Матвей попытался нечто такое вообразить, даже картинку нарисовал мысленную, как его нынешний начальник сообщает, что Матвей Батардин навсегда отстранен от полетов.

– Да ну тебя, дед! – возмутился Матвей. – Разве ж такое с бодуна можно предлагать!

– Что, пробрало? – усмехнулся Фёдор Игнатьевич.

– Да, ну, – повторил внук. – Хрень какая-то, аж страшно стало до тошноты.

– Во-во, – кивнул дед. – А каждый твой такой вот загул с пьянкой непомерной шалопутно-дебоширской, с обжираловкой и девушками доступными и на все согласными – это год-два твоей летной жизни, а то и больше. Хочешь летать как можно дольше – значит, железное здоровье надо иметь и никакого излишества ни в чем. Как зарок! Строго! Это только кажется: подумаешь, перепил разок в год да пожрал-покурил и развратничал в удовольствие, один раз можно. А если через день-два в полет, а там сердчишко прихватит от разгула прошедшего? Один раз прихватит, два и все – списали подчистую! И полеты тебе только сниться будут. Каждый раз, когда станешь есть и пить неумеренно, помни об этом и понимай четко, что отдаешь сейчас, сидя за столом разгульным, несколько лет своей работы летчиком вот этой еде и этой выпивке. Как нынче модно стало говорить: твой выбор. А что касается сексу шалопутного, так от него мужик силы и здоровья не меньше теряет, чем от пьянки. Слышал такое выражение: «потасканный мужик», это вот как раз о кобелях неугомонных. Чужая женщина из мужика силу жизненную вытаскивает, а когда их много…

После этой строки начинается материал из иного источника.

(* Let $C\subset\mathbb{C}$. Then $C$ is disconnected if and only if there is a closed connected set $A\subset\mathbb{C}$ that disconnects $C$.
   Context: A set $A\subset\mathbb{C}$ disconnects $C\subset\mathbb{C}$ if $C\cap A=\emptyset$ and at least two different connected components of $\mathbb{C}\setminus A$ intersect $C$. *)

From Stdlib Require Import Reals.
Open Scope R_scope.

Definition Cplx := (R * R)%type.

Definition cdist (z w : Cplx) : R :=
  sqrt ((fst z - fst w) ^ 2 + (snd z - snd w) ^ 2).

Definition is_open (U : Cplx -> Prop) : Prop :=
  forall z, U z -> exists eps, 0 < eps /\ forall w, cdist z w < eps -> U w.

Definition is_closed (A : Cplx -> Prop) : Prop :=
  is_open (fun z => ~ A z).

(* S is connected (in the subspace topology): no two open sets of C
   separate S into two nonempty disjoint relatively open pieces. *)
Definition connected (S : Cplx -> Prop) : Prop :=
  ~ exists U V : Cplx -> Prop,
      is_open U /\ is_open V /\
      (forall z, S z -> U z \/ V z) /\
      (exists z, S z /\ U z) /\ (exists z, S z /\ V z) /\
      (forall z, S z -> U z -> V z -> False).

Definition component (X : Cplx -> Prop) (x : Cplx) : Cplx -> Prop :=
  fun y => exists K : Cplx -> Prop,
    (forall z, K z -> X z) /\ connected K /\ K x /\ K y.

Definition is_component (X K : Cplx -> Prop) : Prop :=
  exists x, X x /\ forall y, K y <-> component X x y.

Definition disconnects (A C : Cplx -> Prop) : Prop :=
  (forall z, C z -> ~ A z) /\
  exists K1 K2 : Cplx -> Prop,
    is_component (fun z => ~ A z) K1 /\
    is_component (fun z => ~ A z) K2 /\
    ~ (forall z, K1 z <-> K2 z) /\
    (exists z, C z /\ K1 z) /\ (exists z, C z /\ K2 z).

(* Converse: the components of the open set C \ A are open, so the one
   meeting C and the union of the others separate C.
   Direct: given a separation (U, V) of C at p and q, take an open
   neighbourhood G of C /\ U whose closure misses C /\ V, the component P
   of G at p, the component W at q of the complement of the closure of P,
   and A the frontier of W.  A is closed, lies in the closure of P outside
   G (so misses C) and separates p from q.  A is connected by unicoherence
   of the plane: a separation of A yields a Urysohn function g, 0 and 1 on
   the two pieces; exp (2 pi i g) on the closure of W, extended by 1, is a
   continuous map to the circle, so it has a continuous logarithm th
   (lifting theorem); th is constant on P and th - 2 pi g is constant on W,
   and both constancies reach A, forcing g to be constant on A. *)
From Stdlib Require Import Reals Lra Lia Psatz Classical ClassicalEpsilon ZArith.
Open Scope R_scope.

Definition sqdist (z w : Cplx) : R := (fst z - fst w) ^ 2 + (snd z - snd w) ^ 2.

Lemma sqdist_nonneg z w : 0 <= sqdist z w.
Proof.
unfold sqdist. pose proof (pow2_ge_0 (fst z - fst w)).
pose proof (pow2_ge_0 (snd z - snd w)). lra.
Qed.

Lemma cdist_nonneg z w : 0 <= cdist z w.
Proof. apply sqrt_pos. Qed.

Lemma cdist_sym z w : cdist z w = cdist w z.
Proof. unfold cdist; f_equal; ring. Qed.

Lemma cdist_refl z : cdist z z = 0.
Proof.
unfold cdist.
replace ((fst z - fst z) ^ 2 + (snd z - snd z) ^ 2) with 0 by ring.
apply sqrt_0.
Qed.

Lemma cdist_sq z w : cdist z w ^ 2 = sqdist z w.
Proof. unfold cdist. apply pow2_sqrt, sqdist_nonneg. Qed.

Lemma cdist_lt z w e : 0 < e -> (cdist z w < e <-> sqdist z w < e ^ 2).
Proof.
intros He. pose proof (cdist_nonneg z w). rewrite <- cdist_sq. split; intro Hlt.
- nra.
- destruct (Rlt_le_dec (cdist z w) e); auto. nra.
Qed.

Lemma cdist_le z w e : 0 <= e -> (cdist z w <= e <-> sqdist z w <= e ^ 2).
Proof.
intros He. pose proof (cdist_nonneg z w). rewrite <- cdist_sq. split; intro Hlt.
- nra.
- destruct (Rle_lt_dec (cdist z w) e); auto. nra.
Qed.

(* The triangle inequality, via Cauchy-Schwarz for the two coordinates. *)
Lemma cdist_tri z w u : cdist z u <= cdist z w + cdist w u.
Proof.
pose proof (cdist_nonneg z w) as H1. pose proof (cdist_nonneg w u) as H2.
apply cdist_le; [lra|].
pose proof (cdist_sq z w) as E1. pose proof (cdist_sq w u) as E2. unfold sqdist in *.
set (a := cdist z w) in *. set (b := cdist w u) in *.
set (x1 := fst z - fst w) in *. set (x2 := snd z - snd w) in *.
set (y1 := fst w - fst u) in *. set (y2 := snd w - snd u) in *.
replace (fst z - fst u) with (x1 + y1) by (unfold x1, y1; ring).
replace (snd z - snd u) with (x2 + y2) by (unfold x2, y2; ring).
assert (CS : x1 * y1 + x2 * y2 <= a * b).
{ destruct (Rle_lt_dec (x1 * y1 + x2 * y2) 0); [nra|].
  assert (Hsq : (x1 * y1 + x2 * y2) ^ 2 <= (a * b) ^ 2).
  { replace ((a * b) ^ 2) with (a ^ 2 * b ^ 2) by ring. rewrite E1, E2.
    pose proof (pow2_ge_0 (x1 * y2 - x2 * y1)). nra. }
  assert (0 <= a * b) by (apply Rmult_le_pos; auto). nra. }
nra.
Qed.

Lemma cdist_tri3 a b c d : cdist a d <= cdist a b + cdist b c + cdist c d.
Proof. pose proof (cdist_tri a b d). pose proof (cdist_tri b c d). lra. Qed.

Definition ball (c : Cplx) (r : R) : Cplx -> Prop := fun w => cdist c w < r.

Lemma ball_center c r : 0 < r -> ball c r c.
Proof. intros Hr. unfold ball. rewrite cdist_refl. exact Hr. Qed.

Definition closure (S : Cplx -> Prop) : Cplx -> Prop :=
  fun z => forall e, 0 < e -> exists w, S w /\ cdist z w < e.

Lemma closure_incl S z : S z -> closure S z.
Proof. intros H e He. exists z. rewrite cdist_refl. auto. Qed.

Lemma closure_mono (S T : Cplx -> Prop) :
  (forall z, S z -> T z) -> forall z, closure S z -> closure T z.
Proof. intros HST z Hz e He. destruct (Hz e He) as [w [Sw Hw]]. eauto. Qed.

Lemma closure_closed S : is_closed (closure S).
Proof.
intros z Hz. apply not_all_ex_not in Hz. destruct Hz as [e He].
apply imply_to_and in He. destruct He as [He Hn].
exists (e / 2). split; [lra|]. intros w Hw Hc.
destruct (Hc (e / 2)) as [u [Su Hu]]; [lra|].
apply Hn. exists u. split; auto. pose proof (cdist_tri z w u). lra.
Qed.

Lemma open_closure_disj U S : is_open U -> (forall z, U z -> S z -> False) ->
  forall z, U z -> closure S z -> False.
Proof.
intros HU H z Uz Cz. destruct (HU z Uz) as [e [He He']].
destruct (Cz e He) as [w [Sw Hw]]. exact (H w (He' w Hw) Sw).
Qed.

(* The frontier of an open set W consists of the limit points outside W. *)
Definition frontier (W : Cplx -> Prop) : Cplx -> Prop := fun z => closure W z /\ ~ W z.

Lemma frontier_closed W : is_open W -> is_closed (frontier W).
Proof.
unfold frontier.
intros Wo z Hz. destruct (classic (W z)) as [Wz|Wz].
- destruct (Wo z Wz) as [r [Hr Hr']]. exists r. split; auto.
  intros w Hw [_ Hn]. auto.
- assert (Hcz : ~ closure W z) by tauto.
  destruct (closure_closed W z Hcz) as [r [Hr Hr']]. exists r. split; auto.
  intros w Hw [Hcw _]. exact (Hr' w Hw Hcw).
Qed.

Lemma connected_from_point (S : Cplx -> Prop) x0 :
  S x0 ->
  (forall y, S y -> exists K, connected K /\ (forall z, K z -> S z) /\ K x0 /\ K y) ->
  connected S.
Proof.
intros Sx0 H [U [V [HU [HV [Hc [[u [Su Uu]] [[v [Sv Vv]] Hd]]]]]]].
destruct (Hc x0 Sx0) as [Ux|Vx].
- destruct (H v Sv) as [K [HK [KS [Kx Kv]]]]. apply HK. exists U, V.
  repeat split; auto; eauto.
- destruct (H u Su) as [K [HK [KS [Kx Ku]]]]. apply HK. exists U, V.
  repeat split; auto; eauto.
Qed.

Lemma connected_empty (S : Cplx -> Prop) : (forall z, ~ S z) -> connected S.
Proof. intros H [U [V [_ [_ [_ [[u [Su _]] _]]]]]]. exact (H u Su). Qed.

Lemma connected_single x : connected (fun z => z = x).
Proof.
intros [U [V [_ [_ [_ [[u [Su Uu]] [[v [Sv Vv]] Hd]]]]]]]. subst.
exact (Hd x eq_refl Uu Vv).
Qed.

Lemma connected_union2 (K1 K2 : Cplx -> Prop) z0 :
  connected K1 -> connected K2 -> K1 z0 -> K2 z0 ->
  connected (fun z => K1 z \/ K2 z).
Proof.
intros H1 H2 H1z H2z. apply (connected_from_point _ z0); auto.
intros y [Hy|Hy]; [exists K1 | exists K2]; repeat split; auto.
Qed.

Lemma continuity_induction (Q : R -> Prop) :
  (forall m, 0 <= m <= 1 -> (forall s, 0 <= s < m -> Q s) ->
     exists eta, 0 < eta /\ forall s, 0 <= s <= 1 -> s < m + eta -> Q s) ->
  forall s, 0 <= s <= 1 -> Q s.
Proof.
intros H.
set (E := fun s => 0 <= s <= 1 /\ forall t, 0 <= t <= s -> Q t).
destruct (H 0) as [e0 [He0 H0]]; [lra | intros; lra|].
assert (bE : bound E) by (exists 1; intros x [Hx _]; lra).
assert (E0 : E 0) by (split; [lra | intros t Ht; apply H0; lra]).
destruct (completeness E bE (ex_intro _ 0 E0)) as [m [Hub Hlub]].
assert (m0 : 0 <= m) by (apply Hub; auto).
assert (m1 : m <= 1) by (apply Hlub; intros x [Hx _]; lra).
assert (Hbelow : forall s, 0 <= s < m -> Q s).
{ intros s Hs. destruct (classic (exists x, E x /\ s < x)) as [[x [[_ Ex] Hx]]|Hn].
  - apply Ex; lra.
  - assert (m <= s); [|lra]. apply Hlub. intros x Ex.
    destruct (Rle_lt_dec x s); auto. exfalso; eauto. }
destruct (H m (conj m0 m1) Hbelow) as [eta [Heta Hm]].
assert (m = 1).
{ destruct (Rle_lt_dec 1 m); [lra|].
  assert (HE : E (Rmin 1 (m + eta / 2))).
  { pose proof (Rmin_l 1 (m + eta / 2)). pose proof (Rmin_r 1 (m + eta / 2)).
    split; [split; [apply Rmin_glb; lra | auto]|]. intros t Ht. apply Hm; lra. }
  apply Hub in HE. unfold Rmin in HE. destruct (Rle_dec 1 (m + eta / 2)); lra. }
intros s Hs. apply Hm; lra.
Qed.

Definition segpt (z w : Cplx) (t : R) : Cplx :=
  (fst z + t * (fst w - fst z), snd z + t * (snd w - snd z)).

Lemma segpt0 z w : segpt z w 0 = z.
Proof. destruct z; unfold segpt; simpl; f_equal; ring. Qed.

Lemma segpt1 z w : segpt z w 1 = w.
Proof. destruct w; unfold segpt; simpl; f_equal; ring. Qed.

Lemma cdist_segpt z w s t :
  cdist (segpt z w s) (segpt z w t) = Rabs (s - t) * cdist z w.
Proof.
unfold cdist, segpt; cbn [fst snd].
replace ((fst z + s * (fst w - fst z) - (fst z + t * (fst w - fst z))) ^ 2 +
   (snd z + s * (snd w - snd z) - (snd z + t * (snd w - snd z))) ^ 2) with
  (Rabs (s - t) ^ 2 * ((fst z - fst w) ^ 2 + (snd z - snd w) ^ 2))
  by (rewrite pow2_abs; ring).
rewrite sqrt_mult, sqrt_pow2; auto using Rabs_pos, pow2_ge_0.
pose proof (pow2_ge_0 (fst z - fst w)). pose proof (pow2_ge_0 (snd z - snd w)). lra.
Qed.

Definition segment (z w : Cplx) : Cplx -> Prop :=
  fun y => exists t, 0 <= t <= 1 /\ y = segpt z w t.

Lemma segment_stays z w (U V : Cplx -> Prop) : is_open U -> is_open V ->
  (forall t, 0 <= t <= 1 -> U (segpt z w t) \/ V (segpt z w t)) ->
  (forall t, 0 <= t <= 1 -> U (segpt z w t) -> V (segpt z w t) -> False) -> U z ->
  forall t, 0 <= t <= 1 -> U (segpt z w t).
Proof.
intros HU HV Hc Hd Uz. apply continuity_induction. intros m Hm Hb.
pose proof (cdist_nonneg z w) as Hd0.
destruct (Hc m Hm) as [Um|Vm].
- destruct (HU _ Um) as [r [Hr Hr']]. exists (r / (cdist z w + 1)).
  split; [apply Rdiv_lt_0_compat; lra|].
  intros s Hs Hsm. destruct (Rlt_le_dec s m); [apply Hb; lra|].
  apply Hr'. rewrite cdist_segpt, Rabs_minus_sym, Rabs_right by lra.
  assert (Hsm' : (s - m) * (cdist z w + 1) < r).
  { apply Rmult_lt_reg_r with (/ (cdist z w + 1)); [apply Rinv_0_lt_compat; lra|].
    rewrite Rmult_assoc, Rinv_r by lra. unfold Rdiv in Hsm. lra. }
  nra.
- exfalso. destruct (HV _ Vm) as [r [Hr Hr']].
  destruct (Req_dec m 0) as [->|Hm0].
  { apply (Hd 0); [lra | rewrite segpt0; auto | auto]. }
  set (k := r / (2 * (cdist z w + 1))).
  assert (Hk : 0 < k) by (apply Rdiv_lt_0_compat; lra).
  assert (Hkr : k * cdist z w < r).
  { unfold k. apply Rmult_lt_reg_r with (2 * (cdist z w + 1)); [lra|].
    replace (r / (2 * (cdist z w + 1)) * cdist z w * (2 * (cdist z w + 1)))
      with (r * cdist z w) by (field; lra). nra. }
  set (s := Rmax 0 (m - k)).
  assert (Hs : 0 <= s < m /\ m - s <= k).
  { unfold s, Rmax. destruct (Rle_dec 0 (m - k)); lra. }
  apply (Hd s); [lra | apply Hb; lra|]. apply Hr'.
  rewrite cdist_segpt, Rabs_right by lra. nra.
Qed.

Lemma segment_connected z w : connected (segment z w).
Proof.
intros [U [V [HU [HV [Hc [[u [Su Uu]] [[v [Sv Vv]] Hd]]]]]]].
assert (Hc' : forall t, 0 <= t <= 1 -> U (segpt z w t) \/ V (segpt z w t)).
{ intros t Ht. apply Hc. exists t; auto. }
assert (Hd' : forall t, 0 <= t <= 1 -> U (segpt z w t) -> V (segpt z w t) -> False).
{ intros t Ht. apply Hd. exists t; auto. }
destruct (Hc' 0 ltac:(lra)) as [U0|V0]; rewrite segpt0 in *.
- destruct Sv as [t [Ht ->]]. apply (Hd' t Ht); auto.
  apply (segment_stays z w U V); auto.
- destruct Su as [t [Ht ->]]. apply (Hd' t Ht); auto.
  apply (segment_stays z w V U); auto.
  + intros t' Ht'. destruct (Hc' t' Ht'); auto.
  + intros t' Ht' H1 H2. exact (Hd' t' Ht' H2 H1).
Qed.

– Ну, Фёдор Игнатьевич, ты и нагрузил, – пожаловался Матвей.

– Тебе примеры привести или сам вспомнишь? – хмыкнул дед.

– Вспомню, – хмуро кивнул внук, у которого в памяти тут же услужливо всплыли имена парочки знакомых летчиков, списанных раньше времени по здоровью.

– Питаться надо правильно, спортом заниматься, но без перебора, только для поддержания формы, ходить много, когда есть возможность, режим соблюдать и по бабам без разбору не таскаться. Тогда при твоих данных и после шестидесяти полетаешь, как орел. А все это баловство шалопутное оставь нынешним бизнесменам новоявленным, они это любят. За это и жизни свои отдают, – посоветовал без нажима дед.

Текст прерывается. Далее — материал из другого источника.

Definition xbar (w : 'I_K -> R) (mu : 'I_K -> 'rV[R]_d) : 'rV[R]_d :=
  \sum_(k < K) w k *: mu k.

Definition nu (w : 'I_K -> R) (mu : 'I_K -> 'rV[R]_d) (k : 'I_K) : 'rV[R]_d :=
  mu k - xbar w mu.

Definition Wcov (w : 'I_K -> R) (mu : 'I_K -> 'rV[R]_d) : 'M[R]_d :=
  \sum_(k < K) w k *: ((nu w mu k)^T *m nu w mu k).

Definition Qcov (w : 'I_K -> R) (mu : 'I_K -> 'rV[R]_d) : 'M[R]_d :=
  \sum_(k < K) (w k * sqnorm (nu w mu k)) *: ((nu w mu k)^T *m nu w mu k).

Definition avg_d2 (w : 'I_K -> R) (mu : 'I_K -> 'rV[R]_d) : R :=
  \sum_(k < K) w k * sqnorm (nu w mu k).

End Defs.

From HB Require Import structures.
From mathcomp Require Import all_boot all_order all_algebra.
From mathcomp Require Import all_classical all_reals all_analysis.
From mathcomp Require Import ring lra.
Set Implicit Arguments. Unset Strict Implicit. Unset Printing Implicit Defensive.
Import Order.TTheory GRing.Theory Num.Theory.
Import numFieldNormedType.Exports.
Local Open Scope ring_scope.

(* Differentiating log p twice gives the score Jacobian at any point x as
   (sum_k w_k g_k (mu_k - x)(mu_k - x)^T) / (s^2 p) - I/s - m m^T / (s p)^2, with
   g_k the Gaussian factors and m = sum_k w_k g_k (mu_k - x).  At x = xbar the
   normalising constant cancels and g_k may be replaced by E_k = exp(-|nu_k|^2/(2s)),
   so J = (P/S - M M^T / S^2) / s^2 - I/s with S = sum w_k E_k,
   P = sum w_k E_k nu_k nu_k^T and M = sum w_k E_k nu_k.
   Since E_k = 1 - |nu_k|^2/(2s) + O(s^-2), we get S = 1 - <d^2>/(2s) + O(s^-2),
   P = W - Q/(2s) + O(s^-2), and M = O(1/s) because sum_k w_k nu_k = 0; expanding
   the quotient gives P/S - M M^T/S^2 = W + (<d^2> W - Q)/(2s) + O(s^-2). *)

Section BigOInv.
Variable R : realType.
Implicit Types (f g : R -> R) (a c x : R).

(* f s = O(s^-n) as s -> +oo; the normalisations C >= 0 and M >= 1 are harmless
   and make products and weakening immediate. *)
Definition bigOinv n f :=
  exists C M, 0 <= C /\ 1 <= M /\ forall s, M < s -> `|f s| <= C / s ^+ n.

Lemma eq_bigOinv n f g :
  (exists M0, forall s, M0 < s -> f s = g s) -> bigOinv n g -> bigOinv n f.
Proof.
move=> [M0 fg] [C [M [C0 [M1 gO]]]]; exists C, (Num.max M M0).
split=> //; split; first by rewrite le_max M1.
by move=> s; rewrite gt_max => /andP[sM sM0]; rewrite fg // gO.
Qed.

Lemma bigOinv_cst c : bigOinv 0 (fun=> c).
Proof. by exists `|c|, 1; do 2!split=> //; move=> s _; rewrite expr0 divr1. Qed.

Lemma bigOinv_invX n : bigOinv n (fun s => (s ^+ n)^-1).
Proof.
exists 1, 1; do 2!split=> //; move=> s s1; rewrite div1r ger0_norm // invr_ge0.
by rewrite exprn_ge0 //; lra.
Qed.

Lemma bigOinvN n f : bigOinv n f -> bigOinv n (fun s => - f s).
Proof.
move=> [C [M [C0 [M1 fO]]]]; exists C, M; do 2!split=> //.
by move=> s /fO; rewrite normrN.
Qed.

Lemma bigOinvD n f g : bigOinv n f -> bigOinv n g -> bigOinv n (fun s => f s + g s).
Proof.
move=> [C1 [M1 [C10 [M11 fO]]]] [C2 [M2 [C20 [M21 gO]]]].
exists (C1 + C2), (Num.max M1 M2); do !split; first exact: addr_ge0.
  by rewrite le_max M11.
move=> s; rewrite gt_max => /andP[sM1 sM2].
by rewrite (le_trans (ler_normD _ _)) // mulrDl lerD ?fO ?gO.
Qed.

Lemma bigOinvB n f g : bigOinv n f -> bigOinv n g -> bigOinv n (fun s => f s - g s).
Proof. by move=> fO /bigOinvN; apply: bigOinvD. Qed.

Lemma bigOinvM m n f g :
  bigOinv m f -> bigOinv n g -> bigOinv (m + n) (fun s => f s * g s).
Proof.
move=> [C1 [M1 [C10 [M11 fO]]]] [C2 [M2 [C20 [M21 gO]]]].
exists (C1 * C2), (Num.max M1 M2); do !split; first exact: mulr_ge0.
  by rewrite le_max M11.
move=> s; rewrite gt_max => /andP[sM1 sM2].
rewrite normrM exprD invfM mulrACA.
by apply: ler_pM; rewrite ?normr_ge0 ?fO ?gO.
Qed.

Запомнил тот их разговор и наставление Матвей на всю жизнь! Наверное, потому что с пьянки настолько живо и красочно представил, как его отстраняют от полетов, что пробрало до потрохов! В принципе, тот загул так и остался в жизни Матвея первым и единственным.

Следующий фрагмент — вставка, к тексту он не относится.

Lemma column_F_ge_chord r a b : 0 <= r -> 0 <= a -> 0 <= b ->
  (a + b) / 2 - (1 - Rpower 2 (- r)) * column_C a b <= column_F r a b.
Proof.
  intros Hr Ha Hb. destruct (Req_dec (a + b) 0).
  { replace a with 0 by lra. replace b with 0 by lra. rewrite column_F_00, column_C_00. lra. }
  rewrite column_F_eq, column_C_eq by lra.
  assert (G := bsc_F_above_chord r _ Hr (crossover_range a b Ha Hb ltac:(lra))).
  assert (0 <= (a + b) / 2) by lra. nra.
Qed.

Lemma column_F_le_line r a b p0 k : -1 < r -> 0 <= a -> 0 <= b ->
  (forall p, 0 <= p <= 1 -> bsc_F r p <= bsc_F r p0 + k * (h p - h p0)) ->
  column_F r a b <= (a + b) / 2 * (bsc_F r p0 - k * h p0 + k) - k * column_C a b.
Proof.
  intros Hr Ha Hb Hline. destruct (Req_dec (a + b) 0).
  { replace a with 0 by lra. replace b with 0 by lra. rewrite column_F_00, column_C_00. lra. }
  rewrite column_F_eq, column_C_eq by lra.
  assert (G := Hline _ (crossover_range a b Ha Hb ltac:(lra))).
  assert (0 <= (a + b) / 2) by lra. nra.
Qed.

(* A column carrying full capacity (C = weight) is noiseless: h(p) = 0. *)
Lemma column_F_noiseless r a b : -1 < r -> 0 <= a -> 0 <= b -> column_C a b = (a + b) / 2 ->
  column_F r a b = (a + b) / 2 * Rpower 2 (- r).
Proof.
  intros Hr Ha Hb HC. destruct (Req_dec (a + b) 0).
  { replace a with 0 by lra. replace b with 0 by lra. rewrite column_F_00. lra. }
  rewrite column_F_eq by lra. rewrite column_C_eq in HC by lra.
  assert (Hp := crossover_range a b Ha Hb ltac:(lra)).
  assert (Hh0 : h (a / (a + b)) = 0).
  { assert ((a + b) / 2 * h (a / (a + b)) = 0) by lra.
    apply Rmult_integral in H0. destruct H0; lra. }
  destruct (h_eq_0 _ Hp Hh0) as [E|E]; rewrite E; [rewrite bsc_F_0|rewrite bsc_F_1]; reflexivity.
Qed.

Definition lsum {A : Type} (f : A -> R) (l : list A) : R := fold_right Rplus 0 (map f l).

Lemma lsum_plus {A : Type} (f g : A -> R) l : lsum (fun y => f y + g y) l = lsum f l + lsum g l.
Proof. induction l as [|a l IH]; unfold lsum in *; simpl; [ring|]. rewrite IH. ring. Qed.

Lemma lsum_scal {A : Type} c (f : A -> R) l : lsum (fun y => c * f y) l = c * lsum f l.
Proof. induction l as [|a l IH]; unfold lsum in *; simpl; [ring|]. rewrite IH. ring. Qed.

Lemma lsum_le {A : Type} (f g : A -> R) l :
  (forall y, In y l -> f y <= g y) -> lsum f l <= lsum g l.
Proof.
  induction l as [|a l IH]; intros H; unfold lsum in *; simpl; [lra|].
  assert (f a <= g a) by (apply H; left; reflexivity).
  assert (fold_right Rplus 0 (map f l) <= fold_right Rplus 0 (map g l))
    by (apply IH; intros; apply H; right; assumption).
  lra.
Qed.

Lemma lsum_ext {A : Type} (f g : A -> R) l :
  (forall y, In y l -> f y = g y) -> lsum f l = lsum g l.
Proof. intros H. apply Rle_antisym; apply lsum_le; intros y Hy; rewrite H by exact Hy; lra. Qed.

Lemma lsum_nonneg {A : Type} (f : A -> R) l : (forall y, In y l -> 0 <= f y) -> 0 <= lsum f l.
Proof.
  induction l as [|a l IH]; intros H; unfold lsum in *; simpl; [lra|].
  assert (0 <= f a) by (apply H; left; reflexivity).
  assert (0 <= fold_right Rplus 0 (map f l)) by (apply IH; intros; apply H; right; assumption).
  lra.
Qed.

Lemma lsum_eq_0 {A : Type} (f : A -> R) l : (forall y, In y l -> 0 <= f y) ->
  lsum f l = 0 -> forall y, In y l -> f y = 0.
Proof.
  induction l as [|a l IH]; intros H Hs y Hy; [destruct Hy|].
  change (f a + lsum f l = 0) in Hs.
  assert (0 <= lsum f l) by (apply lsum_nonneg; intros; apply H; right; assumption).
  assert (0 <= f a) by (apply H; left; reflexivity).
  destruct Hy as [<-|Hy]; [lra|]. apply IH; [intros; apply H; right; assumption|lra|exact Hy].
Qed.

После женитьбы на Кате жили молодые с родителями жены в Новом Уренгое. Да только назвать это «жили» можно весьма условно – авиакомпания, в которой работал тогда Матвей, базировалась в другом городе, где он жил один в общаге и жену молодую привезти было некуда, тем паче беременную, да и работал он постоянно, пользуясь любой возможностью, порой и не оплачиваемой, чтобы летать. В общем, по большому счету, Катя жила с родителями одна, и всех такое положение дел вроде как устраивало.